O que antes eram apenas locais de passagem para carros são hoje vias repletas de comércio local a beneficiar do fluxo de potenciais clientes que deambulam a pé. Como resultado, Pontevedra é a cidade cuja economia local mais cresceu na Galiza entre 2016 e 2020, aponta o Fast Company. Acompanhando este apoio aos pequenos comerciantes, Fernandez Lores também tem pautado a sua atuação por impedir a construção de novos centros comerciais nos subúrbios, temendo que estes desviassem o foco do centro pedonal.
A última lição a retirar de Pontevedra é que, com coerência e persistência, medidas como as tomadas podem chocar a início, mas com tempo tornam-se trunfos políticos.
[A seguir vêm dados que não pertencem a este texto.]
Lemma pentagon_inner_inv (A B D E : C) :
  comp (tensm (idm A) (assoc_inv B D E)) (assoc A B (tens D E))
  = comp (assoc A (tens B D) E)
      (comp (tensm (assoc A B D) (idm E)) (assoc_inv (tens A B) D E)).
Proof.
  have := f_equal (fun k => comp (tensm (idm A) (assoc_inv B D E))
                              (comp k (assoc_inv (tens A B) D E))) (pentagon A B D E).
  rewrite -!comp_assoc assoc_inv_r comp_id_r comp_assoc -tensm_comp assoc_inv_l.
  by rewrite comp_id_l tensm_id comp_id_l.
Qed.

Section Duality.
Variables (M Ms : C) (eta : Hom unit_ob (tens M Ms)) (eps : Hom (tens Ms M) unit_ob).

Hypothesis zigzag_M :
  comp (runit M) (comp (tensm (idm M) eps)
    (comp (assoc M Ms M) (comp (tensm eta (idm M)) (lunit_inv M)))) = idm M.

Lemma trace_natural_out (Q P : C) (g : Hom (tens Q M) (tens M P)) (h : Hom P P) :
  comp h (trace eta eps g) = trace eta eps (comp (tensm (idm M) h) g).
Proof.
  rewrite /trace; rw (lunit_nat h); rw (eq_sym (tensm_interchange eps h)).
  rewrite -(tensm_id Ms M); rw (eq_sym (assoc_inv_nat _ _ _)).
  rw (eq_sym (sym_nat _ _)); by rw (tensm_idr_comp (tensm (idm M) h) g).
Qed.

Definition mate (u : Hom M M) : Hom Ms Ms :=
  comp (lunit Ms) (comp (tensm eps (idm Ms)) (comp (assoc_inv Ms M Ms)
    (comp (tensm (idm Ms) (comp (tensm u (idm Ms)) eta)) (runit_inv Ms)))).

Lemma eps_mate (u : Hom M M) :
  comp eps (tensm (mate u) (idm M)) = comp eps (tensm (idm Ms) u).
Proof.
  rewrite /mate !tensm_idr_comp -lunit_tens -!comp_assoc.
  rw (lunit_nat eps); rw (assoc_nat _ _ _); rewrite tensm_id.
  rw (eq_sym (tensm_interchange _ _)); rewrite lunit_runit_unit.
  rw (eq_sym (runit_nat _)); rw (pentagon_outer_inv _ _ _ _).
  rewrite -(tensm_id Ms M); rw (eq_sym (assoc_inv_nat _ _ _)).
  rw (runit_tens_assoc_inv _ _); rw (assoc_nat _ _ _); rewrite ?tensm_id.
  rw (triangle_inv _ _); rewrite -!tensm_idl_comp.
  (* what remains is the zigzag identity for M, with u attached *)
  congr (comp eps (tensm _ _)).
  rewrite tensm_idr_comp -!comp_assoc; rw (assoc_nat _ _ _); rewrite tensm_id.
  rw (eq_sym (tensm_interchange _ _)); rw (eq_sym (runit_nat _)).
  by rewrite zigzag_M comp_id_r.
Qed.

Lemma mate_eta (u : Hom M M) :
  comp (tensm (idm M) (mate u)) eta = comp (tensm u (idm Ms)) eta.
Proof.
  rewrite /mate !tensm_idl_comp -!comp_assoc -runit_inv_tens -!comp_assoc.
  rw (runit_inv_nat eta); rw (eq_sym (assoc_nat _ _ _)); rewrite tensm_id.
  rw (eq_sym (tensm_interchange _ _)); rewrite -lunit_inv_runit_inv_unit.
  rw (eq_sym (lunit_inv_nat _)); rw (eq_sym (assoc_nat _ _ _)); rewrite ?tensm_id.
  rw (eq_sym (tensm_interchange eta (tensm u (idm Ms)))).
  rw (eq_sym (lunit_inv_nat _)); rw (pentagon_inner_inv _ _ _ _).
  rewrite -(tensm_id M Ms); rw (assoc_inv_nat _ _ _); rw (lunit_inv_tens _ _).
  rw (eq_sym (assoc_nat _ _ _)); rewrite ?tensm_id; rw (triangle _ _).
  (* what remains is the zigzag identity for M, tensored with (u (x) 1) o eta *)
  move: zigzag_M; rewrite !comp_assoc -!tensm_idr_comp => ->.
  by rewrite comp_id_l.
Qed.

(* Cyclicity: an endomorphism of M can be slid from the output side of g to
   its input side; it is carried around the loop as its mate. *)
Lemma trace_cyclic (Q P : C) (g : Hom (tens Q M) (tens M P)) (u : Hom M M) :
  trace eta eps (comp (tensm u (idm P)) g) = trace eta eps (comp g (tensm (idm Q) u)).
Proof.
  rewrite /trace !tensm_idr_comp -!comp_assoc.
  rw (sym_nat (tensm u (idm P)) (idm Ms)).
  rw (assoc_inv_nat (idm Ms) u (idm P)).
  rw (eq_sym (tensm_idr_comp eps (tensm (idm Ms) u))).
  rewrite -eps_mate.
  rw (tensm_idr_comp eps (tensm (mate u) (idm M))).
  rw (eq_sym (assoc_inv_nat (mate u) (idm M) (idm P))); rewrite tensm_id.
  rw (eq_sym (sym_nat (idm (tens M P)) (mate u))).
  rw (eq_sym (tensm_interchange g (mate u))).
  rewrite -(tensm_id Q M).
  rw (eq_sym (assoc_inv_nat (idm Q) (idm M) (mate u))).
  rw (eq_sym (tensm_idl_comp (tensm (idm M) (mate u)) eta)).
  rewrite mate_eta.
  rw (tensm_idl_comp (tensm u (idm Ms)) eta).
  by rw (assoc_inv_nat (idm Q) u (idm Ms)); rewrite ?tensm_id.
Qed.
Numa fase em que vários autarcas voltaram atrás com algumas das políticas de mobilidade — veja-se a estagnação da criação de ciclovias ou o bloqueio da zona de baixas emissões em Lisboa —, a longevidade de Fernandez Lores à frente da cidade galega demonstra consenso junto dos habitantes.
Fernandez Lores é o presidente da câmara que está há mais tempo no cargo em Espanha, e esse caminho tem sido seguido sem ceder a pressões, nem mesmo de forças políticas à direita, como o Vox. “Não é meu dever enquanto presidente garantir que vocês tenham um lugar de estacionamento”, disse em 2020. “Para mim, é o mesmo que comprarem uma vaca ou um frigorífico e depois perguntarem-me onde podem arrumá-los”, completou.